Stock Analyst Notes

by Vishnu Lekraj | 09-24-09 | 12:48PM | E-mail Note
Browse Analyst Notes by Company : A B C D E F G H I J K L M N O P Q R S T U V W X Y Z All

Paychex PAYX reported first-quarter results that were in line with our expectations and we are maintaining our fair value estimate. The operating environment seems to be improving for Paychex as the employment market and the overall economy begin to stabilize. Total revenue for the first quarter of fiscal 2010 declined 6% year over year; however, on a quarterly sequential basis revenue grew approximately 1%. The combination of a lower average employee headcount for the firm's customers, an increased rate in businesses closures, and a dramatically lower interest rate environment have created a major head wind that has impaired growth, but the torrid pace of decline for these metrics has improved significantly. Profitability also took a hit as deleveraging and lower float income hurt the bottom line. Operating margins compressed to 38% from 41% year over year. However, this metric also improved on a quarterly sequential basis from 35%. We believe the improving sequential results for both revenue and profitability point to the beginning of a solid recovery for the firm over the course of fiscal 2010.

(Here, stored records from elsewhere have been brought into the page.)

(* Let $k\ge1$, $G=(V,E)$ an inductively $k$-independent graph with $k$-independence ordering $v_1,\dots,v_n$, $f:2^V\to\mathbb{R}_{\ge0}$ submodular (not necessarily monotone) with $f(\emptyset)=0$, and $\beta>0$. The algorithm RANDOMIZED-PREEMPTIVE-GREEDY (described in the context) returns an independent set $S_{\mathrm{out}}$ of $G$ such that for every independent set $T$ of $G$, \[ f(T)\le 4\big(k(1+\beta)+1\big)\big(1+\beta^{-1}\big)\,\mathbb{E}[f(S_{\mathrm{out}})]. \]
   Context: $N(v)$ is the neighbourhood of $v$ (excluding $v$); $G$ is inductively $k$-independent with $k$-independence ordering $v_1,\dots,v_n$ if for every $i$, $G[N(v_i)\cap\{v_i,\dots,v_n\}]$ has no independent set of size more than $k$. For a graph with vertex ordering $u_1<\dots<u_m$ and $S$ a vertex set: $f_S(v)=f(S\cup\{v\})-f(S)$ and $\nu_f(S,u)=f_{S'}(u)$ with $S'=\{s\in S:s<u\}$. PREEMPTIVE-GREEDY on such an ordered graph (parameter $\beta$): start with $S=\emptyset$; for each vertex $v$ in order: let $C=N(v)\cap S$; if $f_S(v)\ge(1+\beta)\sum_{u\in C}\nu_f(S,u)$, replace $S$ by $(S\setminus C)\cup\{v\}$; return final $S$. RANDOMIZED-PREEMPTIVE-GREEDY: let $V'\subseteq V$ contain each vertex independently with probability $1/2$, and return the output of PREEMPTIVE-GREEDY run on the induced subgraph $G[V']$ with the ordering inherited from $v_1,\dots,v_n$, with $f$ restricted to subsets of $V'$, and parameter $\beta$. *)

From mathcomp Require Import all_boot all_order all_algebra.
Set Implicit Arguments. Unset Strict Implicit. Unset Printing Implicit Defensive.
Import Order.TTheory GRing.Theory Num.Theory.
Local Open Scope ring_scope.

Section Defs.
Variable T : finType.

Definition simple_graph (e : rel T) : Prop := symmetric e /\ irreflexive e.

Definition nbhd (e : rel T) (v : T) : {set T} := [set u | e v u].

Definition independent (e : rel T) (I : {set T}) : bool :=
  [forall x in I, forall y in I, ~~ e x y].

Definition vertex_ordering (ord : seq T) : Prop :=
  uniq ord /\ forall x : T, x \in ord.

Definition rk (ord : seq T) (x : T) : nat := index x ord.

Definition k_independence_ordering (e : rel T) (ord : seq T) (k : nat) : Prop :=
  forall v : T, forall I : {set T},
    I \subset nbhd e v :&: [set u | (rk ord v <= rk ord u)%N] ->
    independent e I -> (#|I| <= k)%N.

Variable R : realFieldType.

Definition submodular (f : {set T} -> R) : Prop :=
  forall A B : {set T}, f (A :|: B) + f (A :&: B) <= f A + f B.

Definition marg (f : {set T} -> R) (S : {set T}) (v : T) : R :=
  f (v |: S) - f S.

Definition nu (ord : seq T) (f : {set T} -> R) (S : {set T}) (u : T) : R :=
  marg f [set s in S | (rk ord s < rk ord u)%N] u.

Definition pg_step (e : rel T) (ord : seq T) (f : {set T} -> R) (beta : R)
    (S : {set T}) (v : T) : {set T} :=
  let C := nbhd e v :&: S in
  if (1 + beta) * (\sum_(u in C) nu ord f S u) <= marg f S v
  then v |: (S :\: C) else S.

(* PREEMPTIVE-GREEDY run on the induced subgraph G[V'] with the inherited
   ordering (vertices of V' processed in the order of ord); f restricted to
   subsets of V' (the algorithm only evaluates f on subsets of V'). *)
Definition preemptive_greedy (e : rel T) (ord : seq T) (f : {set T} -> R)
    (beta : R) (V' : {set T}) : {set T} :=
  foldl (pg_step e ord f beta) set0 [seq v <- ord | v \in V'].

(* E[f(S_out)] for RANDOMIZED-PREEMPTIVE-GREEDY: V' is uniform over all
   subsets of V (each vertex kept independently with probability 1/2). *)
Definition expected_rpg (e : rel T) (ord : seq T) (f : {set T} -> R)
    (beta : R) : R :=
  (2 ^+ #|T|)^-1 * \sum_(V' : {set T}) f (preemptive_greedy e ord f beta V').

End Defs.

(* Fix the sample V' and an independent set I, and run PREEMPTIVE-GREEDY while
   recording the set A of all vertices it ever accepts.  Each acceptance pays
   the [nu]-values of the preempted neighbours, at most a 1/(1+beta) fraction
   of its gain, so the total payment W satisfies beta W <= f S and
   f A <= W + f S for the current solution S.  A rejected vertex of I has gain
   below (1+beta) times the [nu]-values of its earlier neighbours in S; it is
   charged to them, and by k-independence each vertex of S is charged at most
   k times.  Hence f (A ∪ (I ∩ V')) <= (k(1+beta)+1)(1+1/beta) f S_out.
   Averaging over V': pairing V' with its complement gives f I <= 2 E f (I ∩ V'),
   and pairing V' with (V' ∩ I) ∪ ~(V' ∪ I), which has the same trace on I and
   meets V' only inside I, gives E f (I ∩ V') <= 2 E f (A ∪ (I ∩ V')). *)

From mathcomp Require Import all_boot all_order all_algebra.
From mathcomp Require Import ring lra.
Import Order.TTheory GRing.Theory Num.Theory.
Set Implicit Arguments. Unset Strict Implicit. Unset Printing Implicit Defensive.
Local Open Scope ring_scope.

Lemma independentP (T : finType) (e : rel T) (I : {set T}) :
  reflect {in I &, forall x y, ~~ e x y} (independent e I).
Proof.
apply: (iffP forall_inP) => [eI x y xI yI | eI x xI].
  exact: (forall_inP (eI x xI)).
by apply/forall_inP => y; apply: eI.
Qed.

Lemma independent_subset (T : finType) (e : rel T) (A B : {set T}) :
  B \subset A -> independent e A -> independent e B.
Proof. by move=> BA /independentP eA; apply/independentP/(sub_in2 _ eA)/subsetP. Qed.

Lemma setIU1_subset (T : finType) (u : T) (A B : {set T}) :
  u \notin B -> A \subset B -> (u |: A) :&: B = A.
Proof.
move=> uB AB; rewrite setIUl (setIidPl AB).
suff -> : [set u] :&: B = set0 by rewrite set0U.
by apply/setP => x; rewrite !inE; case: eqP => // ->; rewrite (negbTE uB).
Qed.

Lemma card_sets (T : finType) : #|{set T}| = (2 ^ #|T|)%N.
Proof. by rewrite -cardsT -card_powerset powersetT cardsT. Qed.

Section Submodular.
Variables (T : finType) (R : realFieldType) (f : {set T} -> R).
Hypothesis f_submod : submodular f.

Lemma marg_antimono (B B' : {set T}) (u : T) :
  B \subset B' -> u \notin B' -> marg f B' u <= marg f B u.
Proof.
move=> BB' uB'; have := f_submod (u |: B) B'.
by rewrite -setUA (setUidPr BB') setIU1_subset // /marg; lra.
Qed.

Revenue for the firm's core payroll service division declined 6% year over year, but on a quarterly sequential basis, revenue grew approximately 2%. Checks per client decreased 5% year over year, but this metric was flat when compared with the fourth quarter of fiscal 2009. We believe the sequential trends for both of these metrics point to some stabilization for this division. Further improvement in the labor market over the course of fiscal 2010 should help produce better results for the firm's payroll operations moving forward. Even though these results are disappointing when compared with what investors are used to from Paychex, they were driven by macroeconomic factors and not any deterioration in the firm's competitive position. Regular pricing increases of approximately 3% were still passed on with very little resistance and this again highlights the firm's wide economic moat.

Paychex's human resources service division continued to show solid resilience. Revenue grew 1% year over year as most service offerings experienced positive trends. These services are mainly marketed and provided to existing payroll clients. We believe payroll clients that have been able to weather the current economic storm are looking to leverage these ancillary services in order to try and boost their own operational efficiency and profitability during the current economic downturn.

The firm's income from float (interest earned as a result of the lag between when Paychex receives payroll-related funds from its clients and when it pays its clients' employees or other entities) fell 43% year over year as short-term interest rates were significantly lower compared with last year. Since revenue from the float portfolio has minimal expenses, firmwide operating margins are affected materially with the fluctuation of float income. However, we expect the deep year-over-year revenue declines in the float portfolio to dissipate over the course of fiscal 2010 as the company laps the historically low interest rates of the past year. Management also mentioned that it is beginning to move into slightly higher-yielding securities as the credit markets have shown signs of sustainable stabilization.